Every line from the one containing "From mathcomp Require" to the last line of the listing below should be given again exactly.
SUPPLIED INFORMATION Start Marker
(* For all integers $n\ge 3$ and all integers $d$, $$b_n^d=v_{n-1}^{d-2},\qquad w_n^d=v_{n-1}^d+w_{n-1}^{d-1}+v_{n-2}^{d-2},\qquad v_n^d=v_{n-1}^d+w_{n-1}^{d-1}+v_{n-1}^{d-2}+v_{n-2}^{d-2}.$$
   Context: The $2\times n$ Miura-ori $M_{2,n}$ ($n\ge1$) has faces $\alpha_{i,j}$ ($i\in\{1,2\}$, $j\in\{1,\dots,n\}$), interior vertices $x_1,\dots,x_{n-1}$, and creases $e_0$ and $e_{3k-1},e_{3k},e_{3k+1}$ ($k=1,\dots,n-1$). At $x_k$ the creases are left $e_{3k-3}$, top $e_{3k-1}$, right $e_{3k}$, bottom $e_{3k+1}$. Face $\alpha_{1,j}$ is bordered by those of $e_{3j-4}$ (iff $j\ge2$), $e_{3j-3}$, $e_{3j-1}$ (iff $j\le n-1$); $\alpha_{2,j}$ by those of $e_{3j-2}$ (iff $j\ge2$), $e_{3j-3}$, $e_{3j+1}$ (iff $j\le n-1$). An MV assignment $\mu$ maps creases to $\{1,-1\}$; it is locally valid if for each $k$ exactly one of $\mu(e_{3k-1}),\mu(e_{3k}),\mu(e_{3k+1})$ differs from $\mu(e_{3k-3})$. The face flip $\mu_\alpha$ negates $\mu$ on the creases bordering $\alpha$; $\alpha$ is flippable under $\mu$ if $\mu,\mu_\alpha$ are both locally valid; $f(\mu)$ is the number of flippable faces. For $n\ge 2$, the restriction of a locally valid $\mu'$ on $M_{2,n}$ to the creases of $M_{2,n-1}$ (all but $e_{3n-4},e_{3n-3},e_{3n-2}$) is a locally valid $\mu$ on $M_{2,n-1}$; $\mu'$ is blue if $f(\mu')-f(\mu)=2$ and non-blue otherwise. Both locally valid assignments of $M_{2,1}$ are blue. Let $v_n^d$ be the number of locally valid MV assignments of $M_{2,n}$ with exactly $d$ flippable faces, $b_n^d$ the number of these that are blue, and $w_n^d=v_n^d-b_n^d$ the number that are non-blue (all these are $0$ when no such assignment exists). *)

From mathcomp Require Import all_boot all_order all_algebra.
Set Implicit Arguments. Unset Strict Implicit. Unset Printing Implicit Defensive.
SUPPLIED INFORMATION End Marker
ANSWER:
From mathcomp Require Import all_boot all_order all_algebra.
Set Implicit Arguments. Unset Strict Implicit. Unset Printing Implicit Defensive.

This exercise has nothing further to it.